The results indicate that, the second scenario produces 0.45% worse solutions in average comparing to the first one. Moreover, the initial average solutions of the instances are 1.98% and 2.44% better than those achieved in the first and the second scenario respectively, which means that the objective value seems to be sensitive on the changes of the holding costs. However, the adoption of a flexible replenishment policy keeps the increase of the cost in relatively low levels.

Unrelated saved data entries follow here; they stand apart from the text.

(* Let $\mathbb{K}$ be an algebraically closed field, let $Z=m_1p_1+\cdots+m_sp_s\subseteq\mathbb{P}^N_{\mathbb{K}}$ be a nonzero fat point subscheme, and let $I=I(Z)$. Let $m,r$ be positive integers. If $$m\geq \max\left(\frac{\operatorname{satdeg}(I^r)}{\widehat{\alpha}(I(Z))},\,r\right),$$ then $I^{(m)}\subseteq I^r$.
   Context: $p_1,\ldots,p_s$ are distinct points, $m_i$ nonnegative integers not all zero. $R=\mathbb{K}[x_0,\ldots,x_N]$; $I(p)$ is the ideal of forms vanishing at $p$; $I(Z)=\bigcap_i I(p_i)^{m_i}$; the $m$th symbolic power is $I^{(m)}=I(mZ)=\bigcap_i I(p_i)^{mm_i}$. For a homogeneous ideal $J$, $[J]_t$ is its degree-$t$ homogeneous component and $\alpha(J)$ the least $t$ with $[J]_t\neq0$; $\widehat{\alpha}(I(Z))=\inf_{m>0}\alpha(I(mZ))/m$. The saturation degree $\operatorname{satdeg}(I^r)$ is the least $t$ such that $[I^r]_j=[I^{(r)}]_j$ for all $j\geq t$. *)

From Stdlib Require Import Reals ClassicalEpsilon.
From Coquelicot Require Import Rbar Lub.
From HB Require Import structures.
From mathcomp Require Import all_boot all_order all_algebra.
From mathcomp Require Import mpoly.

Set Implicit Arguments.
Unset Strict Implicit.
Unset Printing Implicit Defensive.

Import GRing.Theory.
Local Open Scope ring_scope.

Section FatPoints.
Variables (K : closedFieldType) (N : nat).

Local Notation R := {mpoly K[N.+1]}.

Definition pset := R -> Prop.

(* f is a form (homogeneous polynomial) of degree t (0 is a form of every degree) *)
Definition is_form (t : nat) (f : R) : Prop :=
  all (fun m => mdeg m == t) (msupp f).

Definition gen_ideal (S : pset) : pset := fun f =>
  exists gs : seq (R * R),
    (forall gh, gh \in gs -> S gh.2) /\ f = \sum_(gh <- gs) gh.1 * gh.2.

Definition ideal_mul (A B : pset) : pset :=
  gen_ideal (fun h => exists a b, A a /\ B b /\ h = a * b).

Fixpoint ideal_pow (J : pset) (k : nat) : pset :=
  match k with
  | 0%N => fun _ => True
  | k'.+1 => ideal_mul (ideal_pow J k') J
  end.

(* a point of P^N given by homogeneous coordinates *)
Definition coords := 'I_N.+1 -> K.

Definition Ipt (p : coords) : pset :=
  gen_ideal (fun h => exists t, is_form t h /\ h.@[p] = 0).

(* I(Z) = \bigcap_i I(p_i)^{m_i} for Z = m_1 p_1 + ... + m_s p_s *)
Definition IZ (s : nat) (p : 'I_s -> coords) (mult : 'I_s -> nat) : pset :=
  fun f => forall i, ideal_pow (Ipt (p i)) (mult i) f.

(* m-th symbolic power I^{(m)} = I(mZ) *)
Definition symb_pow (s : nat) (p : 'I_s -> coords) (mult : 'I_s -> nat)
  (m : nat) : pset :=
  IZ p (fun i => (m * mult i)%N).

Definition comp_nonzero (J : pset) (t : nat) : Prop :=
  exists f, J f /\ is_form t f /\ f != 0.

Definition decP (P : Prop) : bool :=
  if excluded_middle_informative P then true else false.

(* alpha(J) = least t with [J]_t <> 0 (0 by convention if there is none) *)
Definition alpha (J : pset) : nat :=
  match excluded_middle_informative (exists t, comp_nonzero J t) with
  | left ex => ex_minn (P := fun t => decP (comp_nonzero J t))
                 (let: ex_intro t Ht := ex in
                  ex_intro _ t (match excluded_middle_informative
                                   (comp_nonzero J t) as b
                                   return ((if b then true else false) = true)
                                with left _ => erefl | right nH => False_ind _ (nH Ht) end))
  | right _ => 0%N
  end.

Definition alphahat (s : nat) (p : 'I_s -> coords) (mult : 'I_s -> nat) : Rdefinitions.R :=
  real (Glb_Rbar (fun x => exists m : nat, (0 < m)%N /\
          x = Rdefinitions.Rdiv (INR (alpha (symb_pow p mult m))) (INR m))).

Definition same_comp (A B : pset) (j : nat) : Prop :=
  forall f, is_form j f -> (A f <-> B f).

(* satdeg(I^r) = least t with [I^r]_j = [I^{(r)}]_j for all j >= t
   (0 by convention if there is none) *)
Definition satdeg (s : nat) (p : 'I_s -> coords) (mult : 'I_s -> nat) (r : nat) : nat :=
  let P t := forall j, (t <= j)%N ->
               same_comp (ideal_pow (IZ p mult) r) (symb_pow p mult r) j in
  match excluded_middle_informative (exists t, P t) with
  | left ex => ex_minn (P := fun t => decP (P t))
                 (let: ex_intro t Ht := ex in
                  ex_intro _ t (match excluded_middle_informative (P t) as b
                                   return ((if b then true else false) = true)
                                with left _ => erefl | right nH => False_ind _ (nH Ht) end))
  | right _ => 0%N
  end.

End FatPoints.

Also, there are some instances in which better solutions were produced by increasing the holding costs. This is justified as, an increase in the holding costs, forces the usage of more vehicles (max two more than the reported vehicles in Table 9) in order to form better routing patterns, thus leading to further routing cost reduction.

5 Conclusions

This work presents a new green supply chain network optimization problem, which considers both economic and environmental concerns. GVNS- and Adaptive GVNS-based solution approaches have been developed for the efficient solution of medium- and large-sized instances. A new set of 30 random generated instances is used in extended numerical analyses. A computational \(k_{\mathrm{max}}\) parameter analysis has been made. This analysis indicates that, the GVNS scheme which uses the pipe VND (\({ GVNS}_{{ pVND}}\)) method in its improvement process is proved to be the most efficient method. In addition, the effect of executing the Speed Selection Procedure either after each local search operator or in the end of each VND iteration is tested. The GVNS scheme which uses the Speed Selection Procedure after each local search operator proved as the most efficient solution method. However, from a problem size perspective, a hybrid solution approach, which uses the Adaptive GVNS (\({ AGVNS}_{{ pVND}}\)) algorithm with different \(k_{\mathrm{max}}\) values for the solution of small- and medium-sized instances and the \({ GVNS}_{{ pVND}}\) for solving large problem cases. This hybrid solution scheme is compared with the CPLEX solver in ten small-sized instances. The proposed solution method produces approximately 3% better solutions than CPLEX. Finally, a sensitivity analysis is performed to study the effect of the variations of holding costs on the objective value. The results illustrate that, any increase on the holding costs affects the objective value. However, the use of the flexible replenishment policy keeps the increase of total cost in relatively low levels. Some exceptions are noticed by using more vehicles.

Current work focuses on the investigation of an adaptive mechanism for re-ordering the shaking operators in alternative shaking schemes, in order to further improve the efficiency of the proposed methods. Also, other local search operators will be investigated both in the improvement and shaking steps of the algorithm. Finally, the consideration of the average time-to-target may be a useful metric for further performance evaluation of the developed methods.